──────── Materials provided ────────

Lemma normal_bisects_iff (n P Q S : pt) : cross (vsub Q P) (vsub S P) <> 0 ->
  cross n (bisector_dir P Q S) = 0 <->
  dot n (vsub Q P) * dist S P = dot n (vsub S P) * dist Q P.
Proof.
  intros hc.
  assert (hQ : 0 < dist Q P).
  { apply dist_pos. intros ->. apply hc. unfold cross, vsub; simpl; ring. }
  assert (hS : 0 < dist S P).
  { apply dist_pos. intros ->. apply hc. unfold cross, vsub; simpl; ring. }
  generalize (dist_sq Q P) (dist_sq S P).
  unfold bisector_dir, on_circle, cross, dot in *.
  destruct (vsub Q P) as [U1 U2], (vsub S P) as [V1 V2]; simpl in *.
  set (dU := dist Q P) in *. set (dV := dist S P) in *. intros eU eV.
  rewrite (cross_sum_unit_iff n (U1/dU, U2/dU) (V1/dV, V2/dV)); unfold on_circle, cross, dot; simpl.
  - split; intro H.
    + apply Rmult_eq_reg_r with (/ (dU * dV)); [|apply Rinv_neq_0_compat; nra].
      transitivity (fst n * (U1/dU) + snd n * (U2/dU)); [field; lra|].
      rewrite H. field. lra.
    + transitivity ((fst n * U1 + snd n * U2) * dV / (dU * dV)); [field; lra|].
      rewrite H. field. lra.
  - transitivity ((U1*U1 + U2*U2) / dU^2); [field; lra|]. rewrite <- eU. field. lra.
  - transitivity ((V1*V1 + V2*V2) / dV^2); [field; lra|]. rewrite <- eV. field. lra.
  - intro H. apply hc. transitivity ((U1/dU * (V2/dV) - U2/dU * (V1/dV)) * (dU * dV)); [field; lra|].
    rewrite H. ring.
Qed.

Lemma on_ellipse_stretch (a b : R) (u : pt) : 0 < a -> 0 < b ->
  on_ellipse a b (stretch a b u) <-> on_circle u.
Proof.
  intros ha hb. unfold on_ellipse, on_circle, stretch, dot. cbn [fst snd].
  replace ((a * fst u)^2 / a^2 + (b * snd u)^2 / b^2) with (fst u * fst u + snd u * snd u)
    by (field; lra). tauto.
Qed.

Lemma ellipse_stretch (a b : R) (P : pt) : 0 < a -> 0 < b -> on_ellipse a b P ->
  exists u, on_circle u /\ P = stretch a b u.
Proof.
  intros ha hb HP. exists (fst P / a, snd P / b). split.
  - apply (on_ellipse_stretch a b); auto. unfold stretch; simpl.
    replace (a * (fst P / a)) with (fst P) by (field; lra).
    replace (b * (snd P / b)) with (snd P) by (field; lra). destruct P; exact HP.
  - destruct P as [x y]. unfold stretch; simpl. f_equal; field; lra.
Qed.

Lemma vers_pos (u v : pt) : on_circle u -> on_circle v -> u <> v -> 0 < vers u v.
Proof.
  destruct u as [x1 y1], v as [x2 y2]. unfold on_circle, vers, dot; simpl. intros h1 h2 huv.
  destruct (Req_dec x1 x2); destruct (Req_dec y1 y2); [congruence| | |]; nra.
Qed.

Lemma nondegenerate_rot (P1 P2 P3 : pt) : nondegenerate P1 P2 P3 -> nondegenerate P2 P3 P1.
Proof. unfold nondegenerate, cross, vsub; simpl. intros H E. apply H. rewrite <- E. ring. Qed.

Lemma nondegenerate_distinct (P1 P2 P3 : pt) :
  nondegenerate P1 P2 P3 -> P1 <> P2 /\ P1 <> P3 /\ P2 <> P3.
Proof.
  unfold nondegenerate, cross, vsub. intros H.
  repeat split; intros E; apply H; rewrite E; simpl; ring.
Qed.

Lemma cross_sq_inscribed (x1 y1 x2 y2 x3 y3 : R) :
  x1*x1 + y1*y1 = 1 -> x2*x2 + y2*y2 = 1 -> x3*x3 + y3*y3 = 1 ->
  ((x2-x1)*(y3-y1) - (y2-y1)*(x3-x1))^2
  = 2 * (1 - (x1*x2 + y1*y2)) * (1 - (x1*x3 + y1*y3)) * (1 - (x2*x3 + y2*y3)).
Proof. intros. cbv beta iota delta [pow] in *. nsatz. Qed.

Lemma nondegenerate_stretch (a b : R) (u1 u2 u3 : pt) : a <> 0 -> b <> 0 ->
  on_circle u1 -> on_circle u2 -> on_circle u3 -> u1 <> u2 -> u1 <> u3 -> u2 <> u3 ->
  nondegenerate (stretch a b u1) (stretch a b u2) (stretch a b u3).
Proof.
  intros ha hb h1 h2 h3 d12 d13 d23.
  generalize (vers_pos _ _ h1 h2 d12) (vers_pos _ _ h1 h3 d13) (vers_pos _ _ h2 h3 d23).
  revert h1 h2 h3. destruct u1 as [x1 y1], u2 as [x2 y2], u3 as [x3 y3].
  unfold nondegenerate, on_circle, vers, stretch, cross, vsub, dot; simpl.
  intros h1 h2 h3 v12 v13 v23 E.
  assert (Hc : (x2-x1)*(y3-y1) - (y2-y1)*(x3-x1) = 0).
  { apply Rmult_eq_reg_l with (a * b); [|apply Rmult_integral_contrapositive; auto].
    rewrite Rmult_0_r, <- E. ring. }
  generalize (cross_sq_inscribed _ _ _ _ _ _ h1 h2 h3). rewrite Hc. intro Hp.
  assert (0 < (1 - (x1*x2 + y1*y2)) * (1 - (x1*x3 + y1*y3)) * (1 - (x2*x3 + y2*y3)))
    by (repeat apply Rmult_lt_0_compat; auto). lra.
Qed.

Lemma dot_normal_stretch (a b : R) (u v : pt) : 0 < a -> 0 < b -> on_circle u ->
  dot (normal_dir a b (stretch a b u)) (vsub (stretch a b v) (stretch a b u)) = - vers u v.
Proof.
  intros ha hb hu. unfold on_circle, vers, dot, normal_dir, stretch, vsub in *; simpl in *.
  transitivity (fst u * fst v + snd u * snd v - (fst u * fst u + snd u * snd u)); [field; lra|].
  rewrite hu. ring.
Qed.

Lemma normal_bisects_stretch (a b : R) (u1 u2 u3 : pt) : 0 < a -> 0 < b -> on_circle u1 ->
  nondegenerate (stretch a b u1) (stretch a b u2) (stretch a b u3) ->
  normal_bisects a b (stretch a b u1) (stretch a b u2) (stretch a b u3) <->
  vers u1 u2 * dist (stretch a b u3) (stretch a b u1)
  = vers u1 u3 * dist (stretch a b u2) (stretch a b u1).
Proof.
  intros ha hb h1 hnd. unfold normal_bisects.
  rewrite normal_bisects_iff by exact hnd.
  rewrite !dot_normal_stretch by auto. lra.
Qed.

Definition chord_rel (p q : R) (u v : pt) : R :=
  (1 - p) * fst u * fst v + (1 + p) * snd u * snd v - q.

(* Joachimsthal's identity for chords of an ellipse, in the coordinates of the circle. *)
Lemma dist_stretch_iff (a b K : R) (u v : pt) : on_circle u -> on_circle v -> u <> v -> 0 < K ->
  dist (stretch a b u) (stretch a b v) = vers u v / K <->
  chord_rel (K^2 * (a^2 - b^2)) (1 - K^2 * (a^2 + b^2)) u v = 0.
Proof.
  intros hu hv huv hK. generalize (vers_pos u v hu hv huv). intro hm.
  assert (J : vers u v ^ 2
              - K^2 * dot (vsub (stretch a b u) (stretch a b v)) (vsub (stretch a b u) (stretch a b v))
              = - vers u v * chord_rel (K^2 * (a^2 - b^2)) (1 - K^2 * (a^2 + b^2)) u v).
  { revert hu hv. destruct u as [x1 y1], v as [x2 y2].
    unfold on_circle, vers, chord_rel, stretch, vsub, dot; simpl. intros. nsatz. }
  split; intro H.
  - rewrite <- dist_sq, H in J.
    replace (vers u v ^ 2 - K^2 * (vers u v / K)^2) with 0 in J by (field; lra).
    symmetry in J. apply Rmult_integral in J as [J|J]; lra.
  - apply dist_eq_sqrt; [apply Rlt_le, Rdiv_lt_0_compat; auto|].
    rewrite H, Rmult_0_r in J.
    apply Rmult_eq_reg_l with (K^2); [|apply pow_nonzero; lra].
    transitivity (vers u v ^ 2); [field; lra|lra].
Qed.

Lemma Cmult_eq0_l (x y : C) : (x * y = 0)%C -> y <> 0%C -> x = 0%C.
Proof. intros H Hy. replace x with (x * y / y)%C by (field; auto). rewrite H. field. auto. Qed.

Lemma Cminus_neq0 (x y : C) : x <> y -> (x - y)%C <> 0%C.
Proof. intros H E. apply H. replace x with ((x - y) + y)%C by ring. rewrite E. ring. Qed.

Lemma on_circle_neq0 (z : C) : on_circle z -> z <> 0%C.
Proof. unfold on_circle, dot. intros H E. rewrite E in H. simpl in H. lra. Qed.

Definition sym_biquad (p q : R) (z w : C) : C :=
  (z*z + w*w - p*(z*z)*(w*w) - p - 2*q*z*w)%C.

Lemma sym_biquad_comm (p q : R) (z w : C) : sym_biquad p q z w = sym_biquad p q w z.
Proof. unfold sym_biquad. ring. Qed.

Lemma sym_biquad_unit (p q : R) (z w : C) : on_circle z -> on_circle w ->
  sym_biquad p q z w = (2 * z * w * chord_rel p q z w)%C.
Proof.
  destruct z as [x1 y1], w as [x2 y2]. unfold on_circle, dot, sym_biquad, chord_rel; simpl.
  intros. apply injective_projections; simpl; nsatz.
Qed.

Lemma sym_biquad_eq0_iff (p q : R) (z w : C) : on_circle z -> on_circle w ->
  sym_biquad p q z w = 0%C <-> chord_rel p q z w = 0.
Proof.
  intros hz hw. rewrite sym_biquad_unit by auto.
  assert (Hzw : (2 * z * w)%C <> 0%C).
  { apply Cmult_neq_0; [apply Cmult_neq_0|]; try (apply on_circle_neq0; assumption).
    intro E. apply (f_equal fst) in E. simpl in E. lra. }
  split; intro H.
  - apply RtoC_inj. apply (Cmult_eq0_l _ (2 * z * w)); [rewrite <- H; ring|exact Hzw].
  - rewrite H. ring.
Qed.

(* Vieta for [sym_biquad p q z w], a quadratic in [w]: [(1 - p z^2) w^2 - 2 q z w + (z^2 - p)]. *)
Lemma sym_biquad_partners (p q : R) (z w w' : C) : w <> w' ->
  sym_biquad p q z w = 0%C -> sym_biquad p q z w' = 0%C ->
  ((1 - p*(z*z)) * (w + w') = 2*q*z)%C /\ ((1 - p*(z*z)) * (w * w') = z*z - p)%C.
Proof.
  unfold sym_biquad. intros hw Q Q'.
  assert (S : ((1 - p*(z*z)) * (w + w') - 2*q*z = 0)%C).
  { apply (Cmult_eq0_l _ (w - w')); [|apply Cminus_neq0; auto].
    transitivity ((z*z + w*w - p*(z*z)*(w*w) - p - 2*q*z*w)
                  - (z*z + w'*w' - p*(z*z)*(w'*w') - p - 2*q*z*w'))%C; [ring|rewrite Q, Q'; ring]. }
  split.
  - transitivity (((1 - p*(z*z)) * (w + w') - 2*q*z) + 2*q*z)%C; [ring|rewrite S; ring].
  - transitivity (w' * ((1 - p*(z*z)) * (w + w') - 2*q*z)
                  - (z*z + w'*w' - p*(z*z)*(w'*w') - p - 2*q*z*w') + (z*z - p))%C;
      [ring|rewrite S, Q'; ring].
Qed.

────────

■ To do
Output, from the data above, the lines from the line with "revert h1 h2" to the line with "Definition chord_rel (p" exactly as they stand, both ends included and nothing else.

■ Response for this exercise
  revert h1 h2 h3. destruct u1 as [x1 y1], u2 as [x2 y2], u3 as [x3 y3].
  unfold nondegenerate, on_circle, vers, stretch, cross, vsub, dot; simpl.
  intros h1 h2 h3 v12 v13 v23 E.
  assert (Hc : (x2-x1)*(y3-y1) - (y2-y1)*(x3-x1) = 0).
  { apply Rmult_eq_reg_l with (a * b); [|apply Rmult_integral_contrapositive; auto].
    rewrite Rmult_0_r, <- E. ring. }
  generalize (cross_sq_inscribed _ _ _ _ _ _ h1 h2 h3). rewrite Hc. intro Hp.
  assert (0 < (1 - (x1*x2 + y1*y2)) * (1 - (x1*x3 + y1*y3)) * (1 - (x2*x3 + y2*y3)))
    by (repeat apply Rmult_lt_0_compat; auto). lra.
Qed.

Lemma dot_normal_stretch (a b : R) (u v : pt) : 0 < a -> 0 < b -> on_circle u ->
  dot (normal_dir a b (stretch a b u)) (vsub (stretch a b v) (stretch a b u)) = - vers u v.
Proof.
  intros ha hb hu. unfold on_circle, vers, dot, normal_dir, stretch, vsub in *; simpl in *.
  transitivity (fst u * fst v + snd u * snd v - (fst u * fst u + snd u * snd u)); [field; lra|].
  rewrite hu. ring.
Qed.

Lemma normal_bisects_stretch (a b : R) (u1 u2 u3 : pt) : 0 < a -> 0 < b -> on_circle u1 ->
  nondegenerate (stretch a b u1) (stretch a b u2) (stretch a b u3) ->
  normal_bisects a b (stretch a b u1) (stretch a b u2) (stretch a b u3) <->
  vers u1 u2 * dist (stretch a b u3) (stretch a b u1)
  = vers u1 u3 * dist (stretch a b u2) (stretch a b u1).
Proof.
  intros ha hb h1 hnd. unfold normal_bisects.
  rewrite normal_bisects_iff by exact hnd.
  rewrite !dot_normal_stretch by auto. lra.
Qed.

Definition chord_rel (p q : R) (u v : pt) : R :=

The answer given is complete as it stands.